Clement Meadmore. Well known as a sculptor, Meadmore began his career as a designer. His furniture was sold at Marion Hall Best’s showrooms and his lighting design shown at the 1956 Melbourne Olympics Arts Festival alongside the work of designers such as Grant Featherston. Meadmore ran Max Hutchinson's Gallery A, Melbourne, in the late 1950s. In 1963 he moved to New York, where he concentrated primarily on his work as a sculptor.
Margaret Olley. After her first Australian solo painting exhibitions, Olley worked and exhibited in France in the 1950s. An endearing personality, Olley had many travelling and working friendships with other Australian artists. Olley died at her home in Paddington, Sydney, on 26th July 2011.
Mike Parr. Working across a range of media that includes performance, installation, sculpture, drawing, drypoint etching and photography, Mike Parr is regarded as one of the most successful Australian artists of his generation. Parr has realised over 1000 works within the context of his self-imposed 'Self-Portrait' series.
Martin Sharp. Late 20th century Sydney artist. Sharp's 1964 cartoon "The Word Spread Round the Arms", published in "Oz" was seen to breach the Obscene and Indecent Publications Act and resulted in charges being laid against Sharp and his editors. Later, after reprising his antipodean success with the London edition of "Oz", he returned to Australia where he founded the Yellow House at 59 Macleay Street Potts Point.
Ken Muggleston. Muggleston worked in props as a set designer and art director for feature films such as "Oliver" (1968); The Piano (1993); The Taming of the Shrew (1967); NO... SONO VERGINE (1973). He was also a major contributor to the "National Studios", Pagewood productions.
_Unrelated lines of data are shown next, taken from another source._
(* Let $p\in[1,\infty]$ and let $(X,d,\mu)$ be an infinitesimally doubling metric measure space which is $p$-thick geodesic. Then $d=d_p$.
   Context: A metric measure space is a proper metric space with a Borel regular outer measure positive and finite on balls; infinitesimally doubling means $\limsup_{r\to0}\mu(B(x,2r))/\mu(B(x,r))<\infty$ for $\mu$-a.e. $x$. $\operatorname{Mod}_p\Gamma=\inf\int\rho^pd\mu$ (for $p<\infty$), $\operatorname{Mod}_\infty\Gamma=\inf\|\rho\|_{L^\infty}$, over Borel $\rho\ge0$ with $\int_\gamma\rho\ge1$ on $\Gamma$. $\Gamma(E,F;C)$ is the family of curves $\gamma:[0,1]\to X$ with $\gamma(0)\in E,\gamma(1)\in F,\ell(\gamma)\le Cd(\gamma(0),\gamma(1))$; $X$ is $p$-thick geodesic if $\operatorname{Mod}_p\Gamma(E,F;C)>0$ for all $C>1$ and all measurable $E,F$ of positive measure. With $\Gamma(E,F)$ the Lipschitz curves $[0,1]\to X$ from $E$ to $F$, $ess\ell_p(\Gamma):=\sup_{\operatorname{Mod}_p\Gamma_0=0}\inf\{\ell(\gamma):\gamma\in\Gamma\setminus\Gamma_0\}$ ($\inf\emptyset=\infty$), $d_p'(x,y):=\lim_{\delta\to0}ess\ell_p\Gamma(\bar B(x,\delta),\bar B(y,\delta))$, and $d_p(x,y):=\inf\{\sum_{i=1}^nd_p'(x_{i-1},x_i):x_0=x,x_n=y\}$. *)

From HB Require Import structures.
From mathcomp Require Import all_boot all_order all_algebra.
From mathcomp Require Import all_classical all_reals all_analysis measurable_realfun ess_sup_inf.
Set Implicit Arguments. Unset Strict Implicit. Unset Printing Implicit Defensive.
Import Order.TTheory GRing.Theory Num.Def Num.Theory.
Import numFieldNormedType.Exports.
Local Open Scope classical_set_scope.
Local Open Scope ring_scope.

Section MetricMeasure.
Context {R : realType} {disp : measure_display} {X : measurableType disp}.
Variable d : X -> X -> R.

Definition is_metric : Prop :=
  [/\ forall x y, d x y = 0 <-> x = y,
      forall x y, d x y = d y x &
      forall x y z, d x z <= d x y + d y z].

Definition oball (x : X) (r : R) : set X := [set y | d x y < r].
Definition cball (x : X) (r : R) : set X := [set y | d x y <= r].

Definition dopen (U : set X) : Prop :=
  forall x, U x -> exists2 r : R, 0 < r & oball x r `<=` U.

Definition dcompact (K : set X) : Prop :=
  forall (I : Type) (U : I -> set X), (forall i, dopen (U i)) ->
    K `<=` \bigcup_(i in setT) U i ->
    exists2 J : set I, finite_set J & K `<=` \bigcup_(i in J) U i.

Definition proper_space : Prop := forall x r, dcompact (cball x r).

Definition borel_structure : Prop :=
  @measurable _ X = <<s dopen >>.

Definition balls_pos_finite (mu : {measure set X -> \bar R}) : Prop :=
  forall x r, 0 < r -> (0 < mu (oball x r) < +oo)%E.

Definition inf_doubling (mu : {measure set X -> \bar R}) : Prop :=
  {ae mu, forall x,
    (limf_esup (fun r : R => (fine (mu (oball x (2 * r))) /
                              fine (mu (oball x r)))%:E) (0%R)^'+ < +oo)%E}.

(* a curve is gamma : R -> X, only its restriction to [0,1] matters *)

Definition curve_cont (g : R -> X) : Prop :=
  forall t, 0 <= t <= 1 -> forall e, 0 < e -> exists2 del, 0 < del &
    forall s, 0 <= s <= 1 -> `|s - t| < del -> d (g s) (g t) < e.

Definition curve_lip (g : R -> X) : Prop :=
  exists L : R, forall s t, 0 <= s <= 1 -> 0 <= t <= 1 ->
    d (g s) (g t) <= L * `|s - t|.

Definition lengthOn (g : R -> X) (a b : R) : \bar R :=
  ereal_sup [set l | exists (n : nat) (t : nat -> R),
       [/\ t 0%N = a, t n = b, (forall i, (i < n)%N -> t i <= t i.+1) &
            l = (\sum_(i < n) d (g (t i)) (g (t i.+1)))%:E]].

Definition clength (g : R -> X) : \bar R := lengthOn g 0 1.

Definition arclen (g : R -> X) (s : R) : X :=
  g (inf [set t : R | 0 <= t <= 1 /\ (s%:E <= lengthOn g 0 t)%E]).

Definition line_int (rho : X -> \bar R) (g : R -> X) : \bar R :=
  if clength g is l%:E then
    \int[lebesgue_measure]_(s in `[0%R, l]%classic) rho (arclen g s)
  else +oo%E.

Definition admissible (G : set (R -> X)) (rho : X -> \bar R) : Prop :=
  [/\ measurable_fun [set: X] rho, forall x, (0 <= rho x)%E &
      forall g, G g -> (1 <= line_int rho g)%E].

Definition Mod (mu : {measure set X -> \bar R}) (p : \bar R)
  (G : set (R -> X)) : \bar R :=
  match p with
  | q%:E => ereal_inf [set (\int[mu]_x (poweR (rho x) q))%E | rho in admissible G]
  | _ => ereal_inf [set ess_sup mu rho | rho in admissible G]
  end.

Definition GammaC (E F : set X) (C : R) : set (R -> X) :=
  [set g | curve_cont g /\ E (g 0) /\ F (g 1) /\
           (clength g <= (C * d (g 0) (g 1))%:E)%E].

Definition GammaLip (E F : set X) : set (R -> X) :=
  [set g | curve_lip g /\ E (g 0) /\ F (g 1)].

Definition thick_geodesic (mu : {measure set X -> \bar R}) (p : \bar R) : Prop :=
  forall C : R, 1 < C -> forall E F : set X, measurable E -> measurable F ->
    (0 < mu E)%E -> (0 < mu F)%E -> (0 < Mod mu p (GammaC E F C))%E.

Definition ess_len (mu : {measure set X -> \bar R}) (p : \bar R)
  (G : set (R -> X)) : \bar R :=
  ereal_sup [set ereal_inf [set clength g | g in G `\` G0] |
             G0 in [set G0 | Mod mu p G0 = 0%E]].

Definition dp' (mu : {measure set X -> \bar R}) (p : \bar R) (x y : X) : \bar R :=
  lim ((fun del : R => ess_len mu p (GammaLip (cball x del) (cball y del)))
         @ (0%R)^'+).

Definition dp (mu : {measure set X -> \bar R}) (p : \bar R) (x y : X) : \bar R :=
  ereal_inf [set l | exists (n : nat) (xs : nat -> X),
     [/\ (0 < n)%N, xs 0%N = x, xs n = y &
          l = (\sum_(i < n) dp' mu p (xs i) (xs i.+1))%E]].

End MetricMeasure.
(* Let $P \subseteq \mathbb{R}^7$ be an associative $3$-plane. Then the $3$-dimensional subspace $\Psi(P) = \mathrm{Span}\{\Psi_{uv} : u,v \in P\}$ of $\Lambda^2(\mathbb{R}^7)$ is a Lie subalgebra isomorphic to $\mathfrak{so}(3)$.
   Context: Equip $\mathbb{R}^7$ with its standard inner product, orientation and basis. Let $\varphi = e_{123} - e_{167} - e_{527} - e_{563} - e_{415} - e_{426} - e_{437}$ ($e_{ijk} = e_i\wedge e_j\wedge e_k$), $\psi = \star\varphi = e_{4567} - e_{4523} - e_{4163} - e_{4127} - e_{2637} - e_{1537} - e_{1526}$, and define $\times$ by $\langle u \times v, w \rangle = \varphi(u,v,w)$. A $3$-dimensional subspace is associative if closed under $\times$. $\Psi_{uv}$ is the skew bilinear form $(x,y)\mapsto \psi(u,v,x,y)$. Skew bilinear forms $X$ are identified with skew-adjoint operators via $X(x,y) = \langle X(x), y \rangle$, so $\Lambda^2(\mathbb{R}^7) = \mathfrak{so}(7)$ with bracket the commutator. *)

(* R : realType, vectors are row vectors 'rV[R]_7,
   subspaces of R^7 are row spaces of matrices (mxalgebra). *)
From HB Require Import structures.
From mathcomp Require Import all_boot all_order all_algebra.
From mathcomp Require Import reals.
Set Implicit Arguments. Unset Strict Implicit. Unset Printing Implicit Defensive.
Import Order.TTheory GRing.Theory Num.Theory.
Local Open Scope ring_scope.

Section G2.
Variable R : realType.
Local Notation vec := 'rV[R]_7.

(* basis index: e_n (n = 1..7) is coordinate n-1 *)
Definition ix (n : nat) : 'I_7 := inord n.-1.

Definition ev (n : nat) : vec := delta_mx 0 (ix n).

Definition dot (u v : vec) : R := \sum_(k < 7) u 0 k * v 0 k.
Hulda Ulivia Agt Jorgensen. Danish-born painter and benefactor, exhibited at the Royal Art Society of New South Wales as 'Mrs Tom Marshall' and, as heir to the estate of her husband (a Trustee of the Art Gallery of New South Wales), oversaw the Marshall Bequest to the Art Gallery of New South Wales
Silas Clifford-Smith. Silas Clifford-Smith has been active as an artist in Australia since 2011. He is a painter, occasionally working in pastel or lino-cut. He is the author of two two art monographs: "Percy Lindsay: artist and bohemian" (Australian Scholarly Publishing, 2011), and a biography of his parents: "Under Moonlight: a portrait of Great Bardfield artists Stanley Clifford-Smith and Joan Glass" (self-published, 2016).